> WHAT IS EXPECTED: Only a number is wanted here: the count of lines in the data below where the string "split" occurs.

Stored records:
══════════

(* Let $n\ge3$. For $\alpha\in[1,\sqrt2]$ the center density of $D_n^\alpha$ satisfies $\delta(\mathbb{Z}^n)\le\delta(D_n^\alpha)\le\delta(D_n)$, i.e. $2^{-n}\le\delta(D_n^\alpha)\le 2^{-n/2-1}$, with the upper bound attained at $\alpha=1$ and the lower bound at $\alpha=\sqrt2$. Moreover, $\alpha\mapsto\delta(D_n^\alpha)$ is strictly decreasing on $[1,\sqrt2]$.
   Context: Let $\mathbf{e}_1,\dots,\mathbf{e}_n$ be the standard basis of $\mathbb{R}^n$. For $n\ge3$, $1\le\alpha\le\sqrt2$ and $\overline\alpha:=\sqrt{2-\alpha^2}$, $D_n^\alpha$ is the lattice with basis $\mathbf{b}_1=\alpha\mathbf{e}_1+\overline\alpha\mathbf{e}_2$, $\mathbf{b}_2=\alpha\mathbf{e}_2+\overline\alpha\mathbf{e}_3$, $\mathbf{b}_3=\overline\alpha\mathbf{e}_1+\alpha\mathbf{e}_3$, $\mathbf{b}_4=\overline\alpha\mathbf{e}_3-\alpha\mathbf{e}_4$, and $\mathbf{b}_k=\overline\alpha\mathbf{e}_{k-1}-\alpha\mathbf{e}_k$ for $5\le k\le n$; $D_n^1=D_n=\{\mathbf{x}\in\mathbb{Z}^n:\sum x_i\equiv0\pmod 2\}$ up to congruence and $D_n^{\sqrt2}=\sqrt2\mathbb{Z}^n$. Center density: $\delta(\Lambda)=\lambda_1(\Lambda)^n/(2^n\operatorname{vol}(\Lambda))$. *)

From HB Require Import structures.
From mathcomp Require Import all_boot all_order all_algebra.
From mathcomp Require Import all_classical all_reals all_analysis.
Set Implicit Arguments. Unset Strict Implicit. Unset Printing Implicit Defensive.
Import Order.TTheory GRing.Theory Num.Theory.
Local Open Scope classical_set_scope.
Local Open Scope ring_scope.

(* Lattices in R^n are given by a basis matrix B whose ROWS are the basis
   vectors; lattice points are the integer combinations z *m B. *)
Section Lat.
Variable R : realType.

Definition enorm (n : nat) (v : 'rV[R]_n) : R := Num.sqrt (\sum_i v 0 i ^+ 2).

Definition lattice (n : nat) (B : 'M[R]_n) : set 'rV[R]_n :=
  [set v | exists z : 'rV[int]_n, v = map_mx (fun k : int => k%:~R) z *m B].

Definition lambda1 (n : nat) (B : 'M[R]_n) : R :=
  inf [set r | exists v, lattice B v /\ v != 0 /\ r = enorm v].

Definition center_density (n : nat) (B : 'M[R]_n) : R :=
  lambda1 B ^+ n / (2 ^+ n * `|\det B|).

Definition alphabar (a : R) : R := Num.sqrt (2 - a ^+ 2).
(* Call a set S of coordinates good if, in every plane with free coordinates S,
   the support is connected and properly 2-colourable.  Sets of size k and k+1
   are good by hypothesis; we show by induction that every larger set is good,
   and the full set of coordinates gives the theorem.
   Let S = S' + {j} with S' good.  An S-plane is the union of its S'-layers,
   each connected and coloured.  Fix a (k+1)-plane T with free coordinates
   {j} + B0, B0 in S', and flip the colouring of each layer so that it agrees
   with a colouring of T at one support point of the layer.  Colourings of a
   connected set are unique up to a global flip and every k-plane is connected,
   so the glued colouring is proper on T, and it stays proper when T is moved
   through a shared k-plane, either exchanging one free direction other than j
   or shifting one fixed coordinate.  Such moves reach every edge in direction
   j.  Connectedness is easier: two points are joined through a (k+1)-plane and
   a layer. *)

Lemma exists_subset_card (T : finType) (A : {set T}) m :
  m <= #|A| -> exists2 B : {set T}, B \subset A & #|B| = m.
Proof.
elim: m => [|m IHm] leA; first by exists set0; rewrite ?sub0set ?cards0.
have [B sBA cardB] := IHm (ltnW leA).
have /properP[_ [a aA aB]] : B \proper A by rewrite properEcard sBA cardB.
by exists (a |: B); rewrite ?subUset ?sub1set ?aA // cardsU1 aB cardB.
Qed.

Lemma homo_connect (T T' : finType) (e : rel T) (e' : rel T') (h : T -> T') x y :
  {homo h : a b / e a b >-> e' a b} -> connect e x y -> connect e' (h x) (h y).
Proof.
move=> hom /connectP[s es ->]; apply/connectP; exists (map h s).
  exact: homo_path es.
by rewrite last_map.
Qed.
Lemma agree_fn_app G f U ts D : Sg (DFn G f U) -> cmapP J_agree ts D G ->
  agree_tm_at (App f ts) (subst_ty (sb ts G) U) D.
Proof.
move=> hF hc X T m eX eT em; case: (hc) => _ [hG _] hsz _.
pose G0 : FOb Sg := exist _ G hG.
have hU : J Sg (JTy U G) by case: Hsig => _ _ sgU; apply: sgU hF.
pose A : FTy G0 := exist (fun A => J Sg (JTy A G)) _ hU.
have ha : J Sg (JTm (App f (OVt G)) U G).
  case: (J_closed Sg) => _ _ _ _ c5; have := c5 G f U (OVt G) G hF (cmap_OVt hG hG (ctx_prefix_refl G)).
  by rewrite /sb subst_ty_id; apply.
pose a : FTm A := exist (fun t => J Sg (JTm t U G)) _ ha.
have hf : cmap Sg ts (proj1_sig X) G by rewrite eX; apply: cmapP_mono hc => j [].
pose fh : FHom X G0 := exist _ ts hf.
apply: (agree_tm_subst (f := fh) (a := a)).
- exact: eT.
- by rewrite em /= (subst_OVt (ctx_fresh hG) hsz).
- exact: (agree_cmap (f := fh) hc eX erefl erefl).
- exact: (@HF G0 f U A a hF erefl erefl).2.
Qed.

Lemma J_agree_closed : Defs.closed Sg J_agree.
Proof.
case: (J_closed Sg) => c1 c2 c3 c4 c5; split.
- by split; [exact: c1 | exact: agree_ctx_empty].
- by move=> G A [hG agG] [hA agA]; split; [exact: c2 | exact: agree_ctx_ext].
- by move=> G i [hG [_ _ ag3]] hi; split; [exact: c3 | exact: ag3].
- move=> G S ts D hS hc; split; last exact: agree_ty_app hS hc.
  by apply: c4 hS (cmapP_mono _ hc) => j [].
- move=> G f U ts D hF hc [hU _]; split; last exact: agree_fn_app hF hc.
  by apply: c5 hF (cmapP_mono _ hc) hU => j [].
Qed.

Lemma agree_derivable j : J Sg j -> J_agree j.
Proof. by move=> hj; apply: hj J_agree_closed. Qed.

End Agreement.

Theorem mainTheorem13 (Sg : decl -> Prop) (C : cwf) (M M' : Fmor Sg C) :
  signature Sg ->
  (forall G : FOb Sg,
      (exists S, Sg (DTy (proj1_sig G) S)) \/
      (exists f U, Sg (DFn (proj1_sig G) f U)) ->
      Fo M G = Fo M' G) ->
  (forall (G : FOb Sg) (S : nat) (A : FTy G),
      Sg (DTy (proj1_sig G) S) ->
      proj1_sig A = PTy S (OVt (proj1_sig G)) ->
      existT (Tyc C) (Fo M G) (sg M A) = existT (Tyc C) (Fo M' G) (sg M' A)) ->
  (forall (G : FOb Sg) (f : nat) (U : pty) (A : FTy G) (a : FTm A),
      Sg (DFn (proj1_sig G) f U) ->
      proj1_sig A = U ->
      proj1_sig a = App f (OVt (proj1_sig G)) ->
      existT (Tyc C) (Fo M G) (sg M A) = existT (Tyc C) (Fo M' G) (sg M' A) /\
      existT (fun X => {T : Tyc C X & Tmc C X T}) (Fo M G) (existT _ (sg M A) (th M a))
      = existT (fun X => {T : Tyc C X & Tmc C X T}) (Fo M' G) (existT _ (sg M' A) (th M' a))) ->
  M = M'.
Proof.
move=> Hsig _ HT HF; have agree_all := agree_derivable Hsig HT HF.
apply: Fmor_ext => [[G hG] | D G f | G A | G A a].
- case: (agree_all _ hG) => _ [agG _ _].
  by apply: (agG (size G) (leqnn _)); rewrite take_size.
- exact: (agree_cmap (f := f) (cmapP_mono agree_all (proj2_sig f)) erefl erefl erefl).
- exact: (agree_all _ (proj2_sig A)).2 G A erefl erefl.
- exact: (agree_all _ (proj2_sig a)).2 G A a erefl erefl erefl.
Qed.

══════════

> COMPLETED TASK: 6